Por Leonardo Sakamoto no Uol
Enquanto milhares marcham nas ruas em protesto contra o assassinato de Renee Nicole Good, cidadã norte-americana de 37 anos morta a tiros pela agência de imigração dos EUA, Trump dobrou a aposta. Após bombardear a Venezuela e ameaçar a Colômbia e a Groenlândia, agora vira o foco para o México.
De forma mais transparente e mais escrachada que seus antecessores, o presidente segue à risca a cartilha dos governantes dos Estados Unidos, indo à guerra para resolver seus constrangimentos internos.
Renee, não estava armada, não era procurada pela Justiça e não colocou em risco a vida de nenhum agente, antes de ser morta em Minneapolis. O local do crime fica a cerca de um quilômetro de onde George Floyd foi asfixiado até a morte por um policial em 2020, gerando protestos contra o racismo nos EUA que prejudicaram a reeleição de Donald Trump, então em seu primeiro mandato.
A justificativa oficial de legítima defesa, de que o veículo teria tentado atropelar um agente, desaba diante das imagens e vídeo que classificam a narrativa como mentirosa. A morte não é ponto fora da curva, mas a consequência óbvia da implementacão de uma política agressiva de caça a migrantes visando à sua deportação.
Para enfrentar a fúria das ruas que ecoou de Minneapolis até Nova York e Washington, Trump anunciou em emissora preferida, a Fox News, que os EUA irão realizar ataques “por terra” contra cartéis no México, acusando organizações criminosas de “controlar” o país vizinho. A fala é vaga em detalhes, mas forte em retórica.
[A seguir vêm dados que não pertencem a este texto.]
(* In the setting below, for all orthogonal modified types $\boldsymbol\mu,\boldsymbol\nu,\boldsymbol\lambda$, the polynomial $r_{\boldsymbol\mu,\boldsymbol\nu}^{\boldsymbol\lambda}\in\mathbb{Q}[x]$ has degree in $x$ at most $2(|\boldsymbol\mu|+|\boldsymbol\nu|-|\boldsymbol\lambda|)$ (so it vanishes if $|\boldsymbol\lambda|>|\boldsymbol\mu|+|\boldsymbol\nu|$).
   Context: $q$ odd prime power. $G_n(\mathbb{F}_q)$ is one of the families $O^+_{2n}$, $O^-_{2n}$, $O_{2n+1}$: the symmetry groups of the symmetric forms $\sum_{i=1}^n(x_{2i-1}y_{2i}+x_{2i}y_{2i-1})$ on $\mathbb{F}_q^{2n}$; $x_1y_1-\epsilon x_2y_2+\sum_{i=2}^n(x_{2i-1}y_{2i}+x_{2i}y_{2i-1})$ on $\mathbb{F}_q^{2n}$ ($\epsilon$ a fixed non-square); $x_1y_1+\sum_{i=1}^n(x_{2i}y_{2i+1}+x_{2i+1}y_{2i})$ on $\mathbb{F}_q^{2n+1}$, respectively, with $G_n\subset G_{n+1}$ via $g\mapsto\operatorname{diag}(g,\mathrm{Id}_2)$. Elements $g\in G_n$, $g'\in G_{n'}$ have the same orthogonal modified type if their images in some common $G_N$ are conjugate in $G_N$; a modified type is such a class, of size $|\boldsymbol\mu|=\operatorname{rank}(g-\mathrm{Id})$. $X_{\boldsymbol\mu,m}$ is the sum of elements of $G_m(\mathbb{F}_q)$ of modified type $\boldsymbol\mu$. $[m]_q=(q^m-1)/(q-1)$. The polynomials $r_{\boldsymbol\mu,\boldsymbol\nu}^{\boldsymbol\lambda}\in\mathbb{Q}[x]$ are those with $X_{\boldsymbol\mu,m}X_{\boldsymbol\nu,m}=\sum_{\boldsymbol\lambda}r_{\boldsymbol\mu,\boldsymbol\nu}^{\boldsymbol\lambda}([m]_q)X_{\boldsymbol\lambda,m}$ for all $m\ge0$. *)

From HB Require Import structures.
From mathcomp Require Import all_boot all_order all_algebra.
From mathcomp Require Import boolp.
Set Implicit Arguments. Unset Strict Implicit. Unset Printing Implicit Defensive.
Import Order.TTheory GRing.Theory Num.Theory.
Local Open Scope ring_scope.

Inductive ofamily := OPlus | OMinus | OOdd.

Definition odim (fam : ofamily) (n : nat) : nat :=
  match fam with OPlus | OMinus => (2 * n)%N | OOdd => (2 * n).+1 end.

Section Forms.
Variable F : finFieldType.

(* Gram matrices of the forms (0-based indices).
   OPlus : sum_i (x_{2i-1} y_{2i} + x_{2i} y_{2i-1})  (pairs {0,1},{2,3},...)
   OMinus: x1 y1 - eps x2 y2 + sum_{i>=2} (...)      (pairs {2,3},{4,5},...)
   OOdd  : x1 y1 + sum_i (x_{2i} y_{2i+1} + x_{2i+1} y_{2i}) (pairs {1,2},...) *)
Definition hyp_entry (i j : nat) : F := ((i./2 == j./2) && (i != j))%:R.

Definition gram (eps : F) (fam : ofamily) (n : nat) : 'M[F]_(odim fam n) :=
  \matrix_(i, j)
   match fam with
   | OPlus => hyp_entry i j
   | OMinus =>
       if ((i : nat) < 2)%N || ((j : nat) < 2)%N then
         (if (i == 0%N :> nat) && (j == 0%N :> nat) then 1
          else if (i == 1%N :> nat) && (j == 1%N :> nat) then - eps else 0)
       else hyp_entry i j
   | OOdd =>
       if (i == 0%N :> nat) && (j == 0%N :> nat) then 1
       else if (i == 0%N :> nat) || (j == 0%N :> nat) then 0
       else hyp_entry i.-1 j.-1
   end.

Definition Ogrp (eps : F) (fam : ofamily) (n : nat) : {set 'M[F]_(odim fam n)} :=
  [set g | g^T *m gram eps fam n *m g == gram eps fam n].

Definition ext_entry (k : nat) (g : 'M[F]_k) (i j : nat) : F :=
  match @insub _ (fun x => (x < k)%N) _ i, @insub _ (fun x => (x < k)%N) _ j with
  | Some i', Some j' => g (i' : 'I_k) (j' : 'I_k)
  | _, _ => (i == j)%:R
  end.

(* The embedding G_n -> G_N, g |-> diag(g, Id) (iterated diag(_, Id_2)). *)
Definition emb (fam : ofamily) (n N : nat) (g : 'M[F]_(odim fam n)) : 'M[F]_(odim fam N) :=
  \matrix_(i, j) ext_entry g i j.

Definition conjugate_in (eps : F) (fam : ofamily) (N : nat) (x y : 'M[F]_(odim fam N)) : Prop :=
  exists2 h, h \in Ogrp eps fam N & y = invmx h *m x *m h.

Definition same_type (eps : F) (fam : ofamily) (n n' : nat)
    (g : 'M[F]_(odim fam n)) (g' : 'M[F]_(odim fam n')) : Prop :=
  exists N, [/\ (n <= N)%N, (n' <= N)%N &
    @conjugate_in eps fam N (@emb fam n N g) (@emb fam n' N g')].

Definition mtsize (k : nat) (g : 'M[F]_k) : nat := \rank (g - 1%:M).

(* X_{mu,m}, as a function G_m -> Q (element of the group algebra Q[G_m]),
   where mu is represented by g : G_n. *)
Definition Xelt (eps : F) (fam : ofamily) (n : nat) (g : 'M[F]_(odim fam n)) (m : nat)
    (x : 'M[F]_(odim fam m)) : rat :=
  if (x \in Ogrp eps fam m) && `[< same_type eps x g >] then 1 else 0.

Definition conv (eps : F) (fam : ofamily) (m : nat) (f h : 'M[F]_(odim fam m) -> rat)
    (z : 'M[F]_(odim fam m)) : rat :=
  \sum_(x in Ogrp eps fam m) f x * h (invmx x *m z).

End Forms.

Definition qint (F : finFieldType) (m : nat) : rat :=
  ((#|F|%:R ^+ m - 1) / (#|F|%:R - 1)).

From HB Require Import structures.
From mathcomp Require Import all_boot all_order all_algebra.
From mathcomp Require Import boolp zify lra.
Set Implicit Arguments. Unset Strict Implicit. Unset Printing Implicit Defensive.
Import Order.TTheory GRing.Theory Num.Theory.
Local Open Scope ring_scope.

(* Fix z in G_m of type lambda (lambda itself, embedded). The structure
   constant evaluated at [m]_q counts the x in G_m of type mu with x^-1 z of
   type nu. With A := x - 1 and Y := x^-1 z we have z - 1 = A Y + (Y - 1), so
   |lambda| <= |mu| + |nu|; otherwise r vanishes at infinitely many points.
   The row space of A^T therefore lies in that of (z - 1)^T plus a block E of
   k := |mu| + |nu| - |lambda| further rows, and x^T B x = B gives
   A = - (x^T B)^-1 A^T B, so the rows of A also lie in those of N B, where N
   stacks a row basis of (z - 1)^T on E. Hence x = 1 + N^T D N B is determined
   by E and a square D of size |lambda| + k, which leaves at most
   q^(k (2m + 1) + (|lambda| + k)^2) = O([m]_q^(2k)) choices for x; a
   polynomial bounded by C X^(2k) along the unbounded sequence [m]_q has
   degree at most 2k. *)


Definition hyp_partner (i : nat) : nat := if odd i then i.-1 else i.+1.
O timing não é coincidência, é cinismo. Desviar o foco da brutalidade policial contra uma mãe, que tinha deixado seu filho na escola momentos antes de ser atingida, com uma promessa de intervenção militar é uma manobra clássica de política autoritária. E mira passar pano na incompetência e na agressividade da política de imigração que bate primeiro e pergunta depois.

Manifestantes estão sendo recebidos com bombas de gás e o governo federal acusa o Estado de Minnesota e a cidade de não estarem reprimindo a população como ele gostaria. Enquanto isso, autoridades locais não estão conseguindo investigar o caso porque tiveram acesso negado às evidências pelo governo federal. Escolas públicas foram fechadas. Relatos de que o ICE atirou em mais pessoas em outros cantos do país pipocam pelas redes, como em Portland, no Oregon.
Protestos contra as ações da agência de imigração em Minneapolis ocorrem há semanas, mas a morte foi o estopim. Trump vem repetindo discursos xenófobos contra a população somali que mora no Estado.
A própria ação contra a Venezuela já ajudava a jogar fumaça sobre escândalos como a liberação censurada dos arquivos sobre o finado financista e abusador sexual Jeffrey Epstein, amigo de Trump. E sobre a própria situação da economia norte-americana, com o aumento de preços que deixa insatisfeita a classe trabalhadores que trocou os democratas por ele na última eleição.
O México e a Colômbia são capazes de lidar internamente com seus problemas, aceitando ajuda financeira ou de inteligência dos EUA, como sempre ocorreu. A Groenlândia, em meio aos acordos da Otan, já permite uma base militar norte-americana em seu território para ajudar a conter China e Rússia. E, sem dúvida, aceitaria acordo de exploração de suas riquezas minerais. Mas a Casa Branca abraçou a necessidade de mostrar ao mundo que este hemisfério pertence aos EUA.
Mas não se trata apenas de petróleo e geopolítica (narcotráfico não é mesmo), mas de sobrevivência política e eleitoral. Quando a violência estatal escapa do controle e a narrativa interna desmorona, Trump recorre ao velho expediente de transformar o mundo em vilões convenientes e a guerra em cortina de fumaça.
É a mesma lógica que autoriza o gatilho fácil contra civis, silencia investigações, criminaliza protestos e tenta unir o país pelo medo. A história mostra que esse truque costuma funcionar no curto prazo, mas cobra seu preço em vidas, direitos e estabilidade.
E, como sempre, quem paga a conta não são os que discursam em horário nobre, mas as Renee e os Georges anônimos, dentro e fora dos Estados Unidos, esmagados entre a brutalidade doméstica e a loucura internacional.